> **Material for the task**
= = =
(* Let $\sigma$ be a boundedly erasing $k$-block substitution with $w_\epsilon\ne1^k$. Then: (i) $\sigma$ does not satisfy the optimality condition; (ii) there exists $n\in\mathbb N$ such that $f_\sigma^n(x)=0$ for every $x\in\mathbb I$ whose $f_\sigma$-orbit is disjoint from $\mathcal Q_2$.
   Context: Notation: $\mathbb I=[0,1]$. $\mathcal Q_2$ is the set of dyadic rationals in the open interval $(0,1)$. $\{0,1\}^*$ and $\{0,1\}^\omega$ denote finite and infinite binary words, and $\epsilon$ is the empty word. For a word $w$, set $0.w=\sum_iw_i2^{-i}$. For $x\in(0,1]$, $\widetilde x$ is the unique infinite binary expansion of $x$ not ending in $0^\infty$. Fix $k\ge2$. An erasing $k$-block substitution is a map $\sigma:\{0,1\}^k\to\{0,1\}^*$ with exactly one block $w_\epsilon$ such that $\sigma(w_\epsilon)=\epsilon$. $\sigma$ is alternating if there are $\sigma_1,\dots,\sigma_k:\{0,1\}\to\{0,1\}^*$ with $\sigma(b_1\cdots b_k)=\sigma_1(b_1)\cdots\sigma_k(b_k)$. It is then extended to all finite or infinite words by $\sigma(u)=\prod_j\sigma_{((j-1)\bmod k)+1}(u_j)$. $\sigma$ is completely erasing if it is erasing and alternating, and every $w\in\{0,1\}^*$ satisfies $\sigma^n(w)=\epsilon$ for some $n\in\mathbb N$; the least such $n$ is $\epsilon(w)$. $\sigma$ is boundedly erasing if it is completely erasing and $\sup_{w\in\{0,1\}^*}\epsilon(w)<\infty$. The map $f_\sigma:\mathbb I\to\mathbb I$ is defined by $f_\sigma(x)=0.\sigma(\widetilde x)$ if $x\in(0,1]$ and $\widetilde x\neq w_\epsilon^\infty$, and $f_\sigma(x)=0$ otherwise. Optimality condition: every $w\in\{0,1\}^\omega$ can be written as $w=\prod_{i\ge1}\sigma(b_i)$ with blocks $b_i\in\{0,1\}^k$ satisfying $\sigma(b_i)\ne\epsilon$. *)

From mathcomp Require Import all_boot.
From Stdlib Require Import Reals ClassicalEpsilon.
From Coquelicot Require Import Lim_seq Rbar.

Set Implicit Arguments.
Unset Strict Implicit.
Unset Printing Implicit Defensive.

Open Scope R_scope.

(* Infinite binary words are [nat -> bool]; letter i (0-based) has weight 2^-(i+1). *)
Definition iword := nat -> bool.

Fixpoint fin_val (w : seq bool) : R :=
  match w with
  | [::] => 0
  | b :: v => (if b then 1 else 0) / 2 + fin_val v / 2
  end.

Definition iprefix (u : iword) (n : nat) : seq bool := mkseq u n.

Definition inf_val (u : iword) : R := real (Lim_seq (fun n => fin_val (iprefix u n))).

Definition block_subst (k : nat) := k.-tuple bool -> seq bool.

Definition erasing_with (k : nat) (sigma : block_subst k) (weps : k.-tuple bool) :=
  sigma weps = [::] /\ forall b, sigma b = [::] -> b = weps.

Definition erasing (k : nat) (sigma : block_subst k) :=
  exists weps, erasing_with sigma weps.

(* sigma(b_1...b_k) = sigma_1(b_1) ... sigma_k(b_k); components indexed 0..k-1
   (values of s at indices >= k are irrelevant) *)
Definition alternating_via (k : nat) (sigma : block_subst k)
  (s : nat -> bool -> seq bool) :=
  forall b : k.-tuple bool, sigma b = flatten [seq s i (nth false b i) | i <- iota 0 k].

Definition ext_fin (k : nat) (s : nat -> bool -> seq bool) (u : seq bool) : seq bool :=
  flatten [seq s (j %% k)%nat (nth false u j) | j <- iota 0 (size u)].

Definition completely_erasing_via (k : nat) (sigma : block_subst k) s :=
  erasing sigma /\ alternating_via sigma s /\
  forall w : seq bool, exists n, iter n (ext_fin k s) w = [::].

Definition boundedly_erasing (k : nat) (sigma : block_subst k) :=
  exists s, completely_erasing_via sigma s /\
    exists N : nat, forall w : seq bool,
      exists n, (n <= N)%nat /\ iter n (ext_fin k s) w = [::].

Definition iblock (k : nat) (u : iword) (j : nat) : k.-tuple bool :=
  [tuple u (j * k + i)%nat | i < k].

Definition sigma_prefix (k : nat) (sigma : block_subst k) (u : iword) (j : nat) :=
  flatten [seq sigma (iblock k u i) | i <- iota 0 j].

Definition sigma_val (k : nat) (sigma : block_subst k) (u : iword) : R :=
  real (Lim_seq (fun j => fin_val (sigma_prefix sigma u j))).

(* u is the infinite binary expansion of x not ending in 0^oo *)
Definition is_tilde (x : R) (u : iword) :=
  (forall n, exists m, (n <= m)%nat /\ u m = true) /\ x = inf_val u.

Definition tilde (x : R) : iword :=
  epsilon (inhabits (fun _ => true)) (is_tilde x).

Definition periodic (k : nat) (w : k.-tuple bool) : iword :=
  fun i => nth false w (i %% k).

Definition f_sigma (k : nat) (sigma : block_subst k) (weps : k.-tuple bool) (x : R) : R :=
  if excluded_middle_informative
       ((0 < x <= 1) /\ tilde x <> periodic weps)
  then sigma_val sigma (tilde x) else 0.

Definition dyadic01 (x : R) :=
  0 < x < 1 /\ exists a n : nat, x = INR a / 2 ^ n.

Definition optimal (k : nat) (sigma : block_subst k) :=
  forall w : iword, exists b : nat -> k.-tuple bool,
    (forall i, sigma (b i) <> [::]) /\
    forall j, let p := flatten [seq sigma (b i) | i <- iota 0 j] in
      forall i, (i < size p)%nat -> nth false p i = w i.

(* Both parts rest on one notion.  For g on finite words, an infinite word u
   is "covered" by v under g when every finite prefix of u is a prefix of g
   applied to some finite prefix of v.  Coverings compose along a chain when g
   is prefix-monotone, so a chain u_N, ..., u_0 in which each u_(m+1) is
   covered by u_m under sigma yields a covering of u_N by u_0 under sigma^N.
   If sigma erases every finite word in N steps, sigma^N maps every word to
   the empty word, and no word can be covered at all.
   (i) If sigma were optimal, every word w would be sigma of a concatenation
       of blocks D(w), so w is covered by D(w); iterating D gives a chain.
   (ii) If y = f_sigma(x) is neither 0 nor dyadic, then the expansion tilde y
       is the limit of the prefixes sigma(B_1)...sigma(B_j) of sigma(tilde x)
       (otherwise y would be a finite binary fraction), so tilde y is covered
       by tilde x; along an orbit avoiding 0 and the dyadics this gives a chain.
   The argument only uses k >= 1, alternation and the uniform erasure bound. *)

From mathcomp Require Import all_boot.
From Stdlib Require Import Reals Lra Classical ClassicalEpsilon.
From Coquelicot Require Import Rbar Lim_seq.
= = =
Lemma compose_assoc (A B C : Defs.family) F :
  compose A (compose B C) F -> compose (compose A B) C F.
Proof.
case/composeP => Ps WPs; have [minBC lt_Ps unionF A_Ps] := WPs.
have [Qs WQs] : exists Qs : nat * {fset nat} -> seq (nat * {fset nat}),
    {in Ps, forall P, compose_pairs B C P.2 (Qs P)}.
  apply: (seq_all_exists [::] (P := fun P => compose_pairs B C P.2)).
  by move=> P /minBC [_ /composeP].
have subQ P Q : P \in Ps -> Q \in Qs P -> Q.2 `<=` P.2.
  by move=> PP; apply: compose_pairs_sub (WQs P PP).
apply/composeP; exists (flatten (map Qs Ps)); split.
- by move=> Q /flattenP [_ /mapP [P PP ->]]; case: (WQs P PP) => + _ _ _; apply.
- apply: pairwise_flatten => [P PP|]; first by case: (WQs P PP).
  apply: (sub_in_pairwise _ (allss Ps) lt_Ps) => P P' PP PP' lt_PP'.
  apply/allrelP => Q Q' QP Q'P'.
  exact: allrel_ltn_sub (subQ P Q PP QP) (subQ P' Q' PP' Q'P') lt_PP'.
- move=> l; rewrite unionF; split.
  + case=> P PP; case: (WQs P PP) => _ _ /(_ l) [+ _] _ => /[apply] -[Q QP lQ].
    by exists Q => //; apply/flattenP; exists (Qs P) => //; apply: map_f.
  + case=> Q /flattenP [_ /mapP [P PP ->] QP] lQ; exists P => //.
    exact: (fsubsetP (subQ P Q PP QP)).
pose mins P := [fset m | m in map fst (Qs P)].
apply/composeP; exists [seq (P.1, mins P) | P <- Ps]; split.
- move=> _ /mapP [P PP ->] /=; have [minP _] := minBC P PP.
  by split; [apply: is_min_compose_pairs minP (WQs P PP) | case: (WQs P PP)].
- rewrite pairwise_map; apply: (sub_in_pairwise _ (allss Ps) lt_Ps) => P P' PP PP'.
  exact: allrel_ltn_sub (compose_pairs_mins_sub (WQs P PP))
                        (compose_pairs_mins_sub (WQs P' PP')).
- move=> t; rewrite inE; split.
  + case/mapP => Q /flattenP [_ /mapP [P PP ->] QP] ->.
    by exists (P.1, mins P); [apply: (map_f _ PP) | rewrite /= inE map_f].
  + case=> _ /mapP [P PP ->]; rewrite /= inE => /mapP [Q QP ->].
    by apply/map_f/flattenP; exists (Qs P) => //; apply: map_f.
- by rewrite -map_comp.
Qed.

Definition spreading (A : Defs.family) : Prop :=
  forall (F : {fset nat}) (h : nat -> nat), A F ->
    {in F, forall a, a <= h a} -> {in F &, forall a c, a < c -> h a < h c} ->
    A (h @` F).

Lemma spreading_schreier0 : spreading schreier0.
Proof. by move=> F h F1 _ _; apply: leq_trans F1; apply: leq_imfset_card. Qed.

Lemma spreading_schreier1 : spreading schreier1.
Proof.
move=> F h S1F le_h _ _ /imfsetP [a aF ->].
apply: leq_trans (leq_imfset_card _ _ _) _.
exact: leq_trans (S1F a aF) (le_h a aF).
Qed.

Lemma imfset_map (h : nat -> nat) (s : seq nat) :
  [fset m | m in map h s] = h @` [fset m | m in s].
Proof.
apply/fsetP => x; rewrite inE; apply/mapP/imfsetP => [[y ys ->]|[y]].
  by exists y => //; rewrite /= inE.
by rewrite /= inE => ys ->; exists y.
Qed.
= = =
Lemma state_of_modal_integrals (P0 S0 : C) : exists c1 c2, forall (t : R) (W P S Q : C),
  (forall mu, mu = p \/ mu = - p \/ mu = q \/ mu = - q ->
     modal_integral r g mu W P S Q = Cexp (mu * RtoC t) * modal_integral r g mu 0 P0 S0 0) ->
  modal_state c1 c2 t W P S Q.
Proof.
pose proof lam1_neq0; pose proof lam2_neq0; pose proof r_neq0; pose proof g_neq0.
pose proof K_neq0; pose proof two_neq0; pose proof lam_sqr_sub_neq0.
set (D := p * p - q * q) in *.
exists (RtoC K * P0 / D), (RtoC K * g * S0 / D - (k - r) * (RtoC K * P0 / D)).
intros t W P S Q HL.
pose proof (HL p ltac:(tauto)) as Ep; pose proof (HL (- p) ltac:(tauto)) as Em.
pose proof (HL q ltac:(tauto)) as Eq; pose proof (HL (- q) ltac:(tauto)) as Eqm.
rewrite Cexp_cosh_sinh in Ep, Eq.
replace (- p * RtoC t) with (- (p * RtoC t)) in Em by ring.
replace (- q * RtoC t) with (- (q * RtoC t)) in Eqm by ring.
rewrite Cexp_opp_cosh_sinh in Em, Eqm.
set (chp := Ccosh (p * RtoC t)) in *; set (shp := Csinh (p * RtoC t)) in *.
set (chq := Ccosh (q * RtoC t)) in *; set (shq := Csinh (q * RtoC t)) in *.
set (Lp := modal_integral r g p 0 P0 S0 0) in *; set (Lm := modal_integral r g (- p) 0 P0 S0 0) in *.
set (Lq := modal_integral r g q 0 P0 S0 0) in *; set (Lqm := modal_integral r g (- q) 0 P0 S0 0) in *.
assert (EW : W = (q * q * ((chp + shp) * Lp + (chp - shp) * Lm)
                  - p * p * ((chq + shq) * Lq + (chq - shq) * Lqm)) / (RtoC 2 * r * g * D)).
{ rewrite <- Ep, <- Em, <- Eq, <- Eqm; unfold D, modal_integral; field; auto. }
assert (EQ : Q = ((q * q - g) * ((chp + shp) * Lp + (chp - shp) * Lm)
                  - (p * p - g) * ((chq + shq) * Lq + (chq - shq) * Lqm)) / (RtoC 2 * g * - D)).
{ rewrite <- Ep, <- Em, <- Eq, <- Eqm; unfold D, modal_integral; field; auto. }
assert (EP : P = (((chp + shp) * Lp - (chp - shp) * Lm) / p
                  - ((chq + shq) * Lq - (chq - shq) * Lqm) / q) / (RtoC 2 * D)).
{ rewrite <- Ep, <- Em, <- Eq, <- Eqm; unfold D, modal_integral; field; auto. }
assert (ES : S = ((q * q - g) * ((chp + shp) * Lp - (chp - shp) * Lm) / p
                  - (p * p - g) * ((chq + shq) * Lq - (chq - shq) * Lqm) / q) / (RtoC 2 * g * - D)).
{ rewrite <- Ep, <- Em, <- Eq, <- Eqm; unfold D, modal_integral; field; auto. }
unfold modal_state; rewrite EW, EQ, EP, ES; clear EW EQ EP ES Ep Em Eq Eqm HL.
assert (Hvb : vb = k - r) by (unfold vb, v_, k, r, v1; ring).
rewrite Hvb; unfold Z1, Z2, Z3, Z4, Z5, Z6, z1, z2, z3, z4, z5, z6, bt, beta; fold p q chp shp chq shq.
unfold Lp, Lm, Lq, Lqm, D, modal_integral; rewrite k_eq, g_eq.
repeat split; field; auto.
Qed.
= = =
> **Aim of the exercise**
Where the data above reaches the line holding "The argument only", begin printing, and stop after the line holding "From Coquelicot Require Import Rbar Lim_seq.". Each line must be reproduced exactly, with nothing else added.

> **Solution to this task**
   The argument only uses k >= 1, alternation and the uniform erasure bound. *)

From mathcomp Require Import all_boot.
From Stdlib Require Import Reals Lra Classical ClassicalEpsilon.
From Coquelicot Require Import Rbar Lim_seq.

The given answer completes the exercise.